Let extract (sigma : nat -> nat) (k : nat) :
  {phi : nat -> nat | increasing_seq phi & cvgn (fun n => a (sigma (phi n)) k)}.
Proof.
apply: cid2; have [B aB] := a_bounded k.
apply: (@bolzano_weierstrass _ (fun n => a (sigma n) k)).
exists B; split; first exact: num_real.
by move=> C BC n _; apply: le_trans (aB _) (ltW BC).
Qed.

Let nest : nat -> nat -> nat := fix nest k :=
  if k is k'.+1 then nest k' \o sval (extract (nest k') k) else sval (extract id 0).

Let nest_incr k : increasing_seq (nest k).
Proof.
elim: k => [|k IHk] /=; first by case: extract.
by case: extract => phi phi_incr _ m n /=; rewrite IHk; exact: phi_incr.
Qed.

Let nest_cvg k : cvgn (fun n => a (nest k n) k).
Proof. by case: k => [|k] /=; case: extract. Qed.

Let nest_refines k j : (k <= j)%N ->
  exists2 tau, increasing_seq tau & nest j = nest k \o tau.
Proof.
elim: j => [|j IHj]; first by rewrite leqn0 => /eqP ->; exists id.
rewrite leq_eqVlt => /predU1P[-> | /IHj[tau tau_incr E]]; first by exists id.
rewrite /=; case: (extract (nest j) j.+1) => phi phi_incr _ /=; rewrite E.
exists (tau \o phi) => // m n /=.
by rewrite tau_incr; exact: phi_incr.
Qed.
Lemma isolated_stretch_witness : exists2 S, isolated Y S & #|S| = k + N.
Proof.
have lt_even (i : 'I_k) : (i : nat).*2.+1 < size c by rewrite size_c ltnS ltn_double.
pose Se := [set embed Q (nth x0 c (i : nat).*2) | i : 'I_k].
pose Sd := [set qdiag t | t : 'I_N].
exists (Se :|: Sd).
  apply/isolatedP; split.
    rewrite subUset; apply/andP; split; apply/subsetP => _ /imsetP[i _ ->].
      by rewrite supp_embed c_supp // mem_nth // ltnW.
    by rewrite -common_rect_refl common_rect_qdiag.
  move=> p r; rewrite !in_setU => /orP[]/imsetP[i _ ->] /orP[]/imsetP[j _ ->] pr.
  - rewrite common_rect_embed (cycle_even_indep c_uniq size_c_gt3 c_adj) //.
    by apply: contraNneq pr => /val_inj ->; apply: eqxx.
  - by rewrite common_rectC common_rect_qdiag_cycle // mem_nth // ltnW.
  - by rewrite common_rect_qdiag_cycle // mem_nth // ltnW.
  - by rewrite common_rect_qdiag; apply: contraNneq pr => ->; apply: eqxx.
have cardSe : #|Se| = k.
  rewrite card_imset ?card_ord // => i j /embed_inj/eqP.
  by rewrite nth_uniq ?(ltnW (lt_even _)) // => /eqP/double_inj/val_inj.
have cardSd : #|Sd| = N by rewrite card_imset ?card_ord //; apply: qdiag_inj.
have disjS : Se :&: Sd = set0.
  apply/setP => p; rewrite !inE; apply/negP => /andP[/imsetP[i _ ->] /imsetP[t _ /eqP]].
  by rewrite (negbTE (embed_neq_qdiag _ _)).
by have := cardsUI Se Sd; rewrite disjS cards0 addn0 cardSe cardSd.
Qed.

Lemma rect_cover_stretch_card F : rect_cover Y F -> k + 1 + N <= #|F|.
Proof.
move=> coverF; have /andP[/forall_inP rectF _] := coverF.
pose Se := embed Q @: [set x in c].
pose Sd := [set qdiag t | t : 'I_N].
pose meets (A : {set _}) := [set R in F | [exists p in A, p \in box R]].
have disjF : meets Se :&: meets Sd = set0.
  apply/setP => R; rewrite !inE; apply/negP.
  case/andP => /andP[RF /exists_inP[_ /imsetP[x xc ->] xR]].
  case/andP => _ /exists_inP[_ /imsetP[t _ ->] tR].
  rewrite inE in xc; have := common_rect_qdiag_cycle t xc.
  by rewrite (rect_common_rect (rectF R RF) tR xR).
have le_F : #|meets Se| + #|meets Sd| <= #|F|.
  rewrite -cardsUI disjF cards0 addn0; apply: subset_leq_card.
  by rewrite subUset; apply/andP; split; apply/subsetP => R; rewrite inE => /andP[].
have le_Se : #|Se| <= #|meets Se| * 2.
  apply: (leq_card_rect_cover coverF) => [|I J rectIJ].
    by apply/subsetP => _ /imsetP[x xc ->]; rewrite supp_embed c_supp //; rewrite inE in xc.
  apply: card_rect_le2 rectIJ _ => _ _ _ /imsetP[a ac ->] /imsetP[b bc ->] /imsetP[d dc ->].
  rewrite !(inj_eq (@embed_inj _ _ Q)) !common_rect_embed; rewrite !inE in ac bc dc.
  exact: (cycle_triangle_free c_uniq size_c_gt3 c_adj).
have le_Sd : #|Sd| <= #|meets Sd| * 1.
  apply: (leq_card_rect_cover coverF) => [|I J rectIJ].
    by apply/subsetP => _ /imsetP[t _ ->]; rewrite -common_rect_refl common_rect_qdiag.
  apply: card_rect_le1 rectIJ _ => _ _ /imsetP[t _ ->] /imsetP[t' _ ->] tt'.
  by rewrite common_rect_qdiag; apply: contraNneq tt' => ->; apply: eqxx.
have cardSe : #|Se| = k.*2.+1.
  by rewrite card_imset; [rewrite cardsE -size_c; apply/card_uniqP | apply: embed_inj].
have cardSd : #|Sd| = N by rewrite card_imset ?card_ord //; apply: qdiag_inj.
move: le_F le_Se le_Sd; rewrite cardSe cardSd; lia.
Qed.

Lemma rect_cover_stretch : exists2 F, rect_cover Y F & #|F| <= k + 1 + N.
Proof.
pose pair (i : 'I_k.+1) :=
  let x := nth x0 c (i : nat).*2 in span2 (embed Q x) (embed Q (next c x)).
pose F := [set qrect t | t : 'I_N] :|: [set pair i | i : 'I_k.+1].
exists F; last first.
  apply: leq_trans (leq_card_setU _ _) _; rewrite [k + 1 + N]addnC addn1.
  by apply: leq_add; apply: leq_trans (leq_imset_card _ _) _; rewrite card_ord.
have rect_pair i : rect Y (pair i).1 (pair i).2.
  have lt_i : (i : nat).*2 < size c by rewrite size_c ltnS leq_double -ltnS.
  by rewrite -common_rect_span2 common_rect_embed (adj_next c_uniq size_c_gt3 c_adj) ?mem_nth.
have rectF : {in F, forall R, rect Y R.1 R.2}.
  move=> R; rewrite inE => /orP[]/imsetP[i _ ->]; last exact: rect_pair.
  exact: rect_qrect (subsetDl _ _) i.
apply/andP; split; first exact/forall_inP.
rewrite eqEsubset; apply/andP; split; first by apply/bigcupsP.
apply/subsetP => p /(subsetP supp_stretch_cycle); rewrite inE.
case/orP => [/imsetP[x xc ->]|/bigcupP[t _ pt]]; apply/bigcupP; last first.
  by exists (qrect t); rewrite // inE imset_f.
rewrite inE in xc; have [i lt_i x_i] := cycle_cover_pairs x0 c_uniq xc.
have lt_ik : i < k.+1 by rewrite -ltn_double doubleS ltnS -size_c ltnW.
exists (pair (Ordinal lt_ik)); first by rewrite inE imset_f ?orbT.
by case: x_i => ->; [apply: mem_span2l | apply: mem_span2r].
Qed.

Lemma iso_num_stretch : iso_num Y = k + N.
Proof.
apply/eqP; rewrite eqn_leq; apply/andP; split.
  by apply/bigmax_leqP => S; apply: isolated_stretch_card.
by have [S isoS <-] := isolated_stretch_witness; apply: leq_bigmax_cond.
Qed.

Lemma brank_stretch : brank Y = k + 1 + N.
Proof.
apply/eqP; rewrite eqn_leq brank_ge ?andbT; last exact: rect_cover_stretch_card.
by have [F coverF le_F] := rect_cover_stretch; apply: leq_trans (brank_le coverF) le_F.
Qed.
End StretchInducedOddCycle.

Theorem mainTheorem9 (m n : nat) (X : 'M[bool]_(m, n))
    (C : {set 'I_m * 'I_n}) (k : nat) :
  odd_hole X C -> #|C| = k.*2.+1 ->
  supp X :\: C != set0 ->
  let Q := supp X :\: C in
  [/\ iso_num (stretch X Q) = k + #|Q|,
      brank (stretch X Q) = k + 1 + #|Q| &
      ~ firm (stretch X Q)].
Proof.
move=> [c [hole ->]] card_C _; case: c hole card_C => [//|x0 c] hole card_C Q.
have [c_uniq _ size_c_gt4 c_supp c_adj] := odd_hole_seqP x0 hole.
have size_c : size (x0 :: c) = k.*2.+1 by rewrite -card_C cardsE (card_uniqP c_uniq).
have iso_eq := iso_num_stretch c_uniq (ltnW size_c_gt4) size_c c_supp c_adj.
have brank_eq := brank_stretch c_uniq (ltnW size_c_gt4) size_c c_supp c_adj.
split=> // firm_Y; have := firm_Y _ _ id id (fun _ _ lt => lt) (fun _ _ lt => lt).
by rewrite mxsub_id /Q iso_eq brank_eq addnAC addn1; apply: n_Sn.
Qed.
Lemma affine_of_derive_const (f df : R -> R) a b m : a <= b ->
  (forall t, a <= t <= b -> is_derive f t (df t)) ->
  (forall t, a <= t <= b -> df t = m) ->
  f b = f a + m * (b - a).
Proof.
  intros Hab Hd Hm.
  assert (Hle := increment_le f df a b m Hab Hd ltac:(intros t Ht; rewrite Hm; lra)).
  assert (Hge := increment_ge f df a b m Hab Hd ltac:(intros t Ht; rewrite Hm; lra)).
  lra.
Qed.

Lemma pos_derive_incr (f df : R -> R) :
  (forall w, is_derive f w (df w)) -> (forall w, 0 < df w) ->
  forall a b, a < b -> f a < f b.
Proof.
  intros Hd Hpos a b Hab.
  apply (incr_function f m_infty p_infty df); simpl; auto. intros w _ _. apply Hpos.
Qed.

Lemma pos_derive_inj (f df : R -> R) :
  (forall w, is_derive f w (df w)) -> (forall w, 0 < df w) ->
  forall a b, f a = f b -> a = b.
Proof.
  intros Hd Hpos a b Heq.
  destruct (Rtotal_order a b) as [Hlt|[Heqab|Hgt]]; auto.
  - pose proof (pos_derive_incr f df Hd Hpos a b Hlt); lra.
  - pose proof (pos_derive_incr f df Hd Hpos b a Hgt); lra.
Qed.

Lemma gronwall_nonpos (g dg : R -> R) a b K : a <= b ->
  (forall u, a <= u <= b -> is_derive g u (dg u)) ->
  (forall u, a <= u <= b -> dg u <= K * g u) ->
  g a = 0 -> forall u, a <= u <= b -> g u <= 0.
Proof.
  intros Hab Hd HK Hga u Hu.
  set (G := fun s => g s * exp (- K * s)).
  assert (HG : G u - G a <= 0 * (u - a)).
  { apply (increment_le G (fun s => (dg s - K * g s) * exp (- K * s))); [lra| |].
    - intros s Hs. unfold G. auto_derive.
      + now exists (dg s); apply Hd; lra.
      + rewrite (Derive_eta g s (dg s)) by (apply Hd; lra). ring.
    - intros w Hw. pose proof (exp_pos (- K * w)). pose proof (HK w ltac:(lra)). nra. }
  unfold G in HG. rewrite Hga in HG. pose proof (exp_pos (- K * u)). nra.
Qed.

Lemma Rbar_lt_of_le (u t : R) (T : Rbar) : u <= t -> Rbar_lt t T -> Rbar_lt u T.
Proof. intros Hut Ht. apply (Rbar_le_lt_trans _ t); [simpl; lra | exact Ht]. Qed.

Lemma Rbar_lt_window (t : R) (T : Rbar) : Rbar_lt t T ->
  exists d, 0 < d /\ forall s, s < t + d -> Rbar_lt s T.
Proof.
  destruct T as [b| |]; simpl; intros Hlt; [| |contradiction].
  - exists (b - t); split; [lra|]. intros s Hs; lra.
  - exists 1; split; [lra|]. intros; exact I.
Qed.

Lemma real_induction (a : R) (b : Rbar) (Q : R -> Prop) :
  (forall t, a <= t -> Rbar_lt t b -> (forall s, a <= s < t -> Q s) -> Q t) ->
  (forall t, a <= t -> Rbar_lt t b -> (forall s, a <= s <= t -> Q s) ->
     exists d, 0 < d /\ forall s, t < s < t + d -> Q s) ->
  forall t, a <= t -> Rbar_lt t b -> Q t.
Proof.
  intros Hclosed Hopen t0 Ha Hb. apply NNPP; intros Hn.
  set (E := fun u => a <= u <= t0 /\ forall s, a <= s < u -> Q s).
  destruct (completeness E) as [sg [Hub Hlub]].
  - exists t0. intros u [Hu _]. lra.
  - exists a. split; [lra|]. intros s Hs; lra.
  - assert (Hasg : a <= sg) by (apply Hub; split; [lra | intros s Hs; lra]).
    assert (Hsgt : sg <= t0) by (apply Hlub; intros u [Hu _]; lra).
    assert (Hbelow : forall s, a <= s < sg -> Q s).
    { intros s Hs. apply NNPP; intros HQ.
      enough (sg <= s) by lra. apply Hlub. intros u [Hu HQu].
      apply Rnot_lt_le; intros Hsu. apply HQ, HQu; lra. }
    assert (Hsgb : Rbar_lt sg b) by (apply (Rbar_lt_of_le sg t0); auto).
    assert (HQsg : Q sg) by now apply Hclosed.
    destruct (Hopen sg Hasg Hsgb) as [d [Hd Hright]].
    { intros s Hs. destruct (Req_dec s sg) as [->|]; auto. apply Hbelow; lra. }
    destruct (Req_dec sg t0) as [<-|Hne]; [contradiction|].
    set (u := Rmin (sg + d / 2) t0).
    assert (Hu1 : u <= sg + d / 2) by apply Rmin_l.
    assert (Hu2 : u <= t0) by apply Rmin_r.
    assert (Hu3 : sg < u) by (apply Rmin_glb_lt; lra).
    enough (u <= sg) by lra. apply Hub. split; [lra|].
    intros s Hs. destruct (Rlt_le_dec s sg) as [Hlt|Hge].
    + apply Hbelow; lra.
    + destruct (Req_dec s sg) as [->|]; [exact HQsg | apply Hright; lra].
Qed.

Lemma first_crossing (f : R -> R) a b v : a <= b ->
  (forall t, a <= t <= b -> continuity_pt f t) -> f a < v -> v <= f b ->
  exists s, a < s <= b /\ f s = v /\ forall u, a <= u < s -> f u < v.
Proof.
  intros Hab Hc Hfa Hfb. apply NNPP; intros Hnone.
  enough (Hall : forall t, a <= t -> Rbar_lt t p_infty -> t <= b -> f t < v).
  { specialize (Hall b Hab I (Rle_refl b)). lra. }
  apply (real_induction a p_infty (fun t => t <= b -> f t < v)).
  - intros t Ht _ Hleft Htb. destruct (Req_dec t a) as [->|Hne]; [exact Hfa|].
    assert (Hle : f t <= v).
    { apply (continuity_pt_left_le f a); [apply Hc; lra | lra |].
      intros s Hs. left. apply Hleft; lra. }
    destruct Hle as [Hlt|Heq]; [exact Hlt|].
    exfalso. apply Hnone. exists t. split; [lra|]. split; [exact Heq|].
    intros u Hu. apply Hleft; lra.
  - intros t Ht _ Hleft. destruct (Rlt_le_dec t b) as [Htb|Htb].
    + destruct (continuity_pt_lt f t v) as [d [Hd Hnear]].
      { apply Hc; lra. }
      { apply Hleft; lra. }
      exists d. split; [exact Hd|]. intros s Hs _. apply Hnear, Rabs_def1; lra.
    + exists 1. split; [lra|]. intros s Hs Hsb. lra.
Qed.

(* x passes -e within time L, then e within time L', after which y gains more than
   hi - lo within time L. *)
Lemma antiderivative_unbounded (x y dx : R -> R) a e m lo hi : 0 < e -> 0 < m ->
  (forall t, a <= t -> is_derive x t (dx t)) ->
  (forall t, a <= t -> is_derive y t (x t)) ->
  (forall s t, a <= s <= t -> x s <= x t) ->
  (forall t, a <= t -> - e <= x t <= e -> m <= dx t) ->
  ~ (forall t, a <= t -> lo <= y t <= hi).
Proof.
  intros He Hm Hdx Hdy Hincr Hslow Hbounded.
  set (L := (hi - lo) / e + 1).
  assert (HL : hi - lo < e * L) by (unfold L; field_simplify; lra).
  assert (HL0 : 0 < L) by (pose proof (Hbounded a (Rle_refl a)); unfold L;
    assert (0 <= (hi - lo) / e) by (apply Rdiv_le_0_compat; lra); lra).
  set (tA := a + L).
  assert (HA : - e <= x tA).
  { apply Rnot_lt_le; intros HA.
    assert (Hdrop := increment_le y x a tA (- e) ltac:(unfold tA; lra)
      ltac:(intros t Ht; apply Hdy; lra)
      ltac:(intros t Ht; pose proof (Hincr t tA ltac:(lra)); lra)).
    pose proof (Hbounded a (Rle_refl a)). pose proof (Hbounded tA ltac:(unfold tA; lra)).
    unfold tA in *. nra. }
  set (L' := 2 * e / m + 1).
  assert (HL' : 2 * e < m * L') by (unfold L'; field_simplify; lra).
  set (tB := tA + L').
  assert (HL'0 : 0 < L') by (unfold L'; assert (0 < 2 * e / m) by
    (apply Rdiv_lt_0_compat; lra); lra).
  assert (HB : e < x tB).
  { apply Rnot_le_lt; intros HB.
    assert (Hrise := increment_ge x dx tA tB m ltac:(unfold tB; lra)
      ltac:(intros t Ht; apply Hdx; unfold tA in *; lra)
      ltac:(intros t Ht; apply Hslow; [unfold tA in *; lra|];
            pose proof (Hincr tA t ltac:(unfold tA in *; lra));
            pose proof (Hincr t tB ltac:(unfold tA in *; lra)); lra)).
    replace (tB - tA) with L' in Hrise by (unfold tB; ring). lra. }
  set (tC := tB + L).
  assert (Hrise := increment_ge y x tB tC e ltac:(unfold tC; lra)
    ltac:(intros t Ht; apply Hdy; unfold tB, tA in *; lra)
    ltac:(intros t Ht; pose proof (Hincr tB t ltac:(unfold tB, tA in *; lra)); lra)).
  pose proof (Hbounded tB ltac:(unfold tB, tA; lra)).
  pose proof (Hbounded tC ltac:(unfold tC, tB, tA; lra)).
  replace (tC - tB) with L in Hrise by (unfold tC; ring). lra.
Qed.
■ ■ ■
Reproduce, please, the lines of the material from its first line down to the line containing "Let nest : nat", keeping both ends and nothing beyond them.

Let extract (sigma : nat -> nat) (k : nat) :
  {phi : nat -> nat | increasing_seq phi & cvgn (fun n => a (sigma (phi n)) k)}.
Proof.
apply: cid2; have [B aB] := a_bounded k.
apply: (@bolzano_weierstrass _ (fun n => a (sigma n) k)).
exists B; split; first exact: num_real.
by move=> C BC n _; apply: le_trans (aB _) (ltW BC).
Qed.

Let nest : nat -> nat -> nat := fix nest k :=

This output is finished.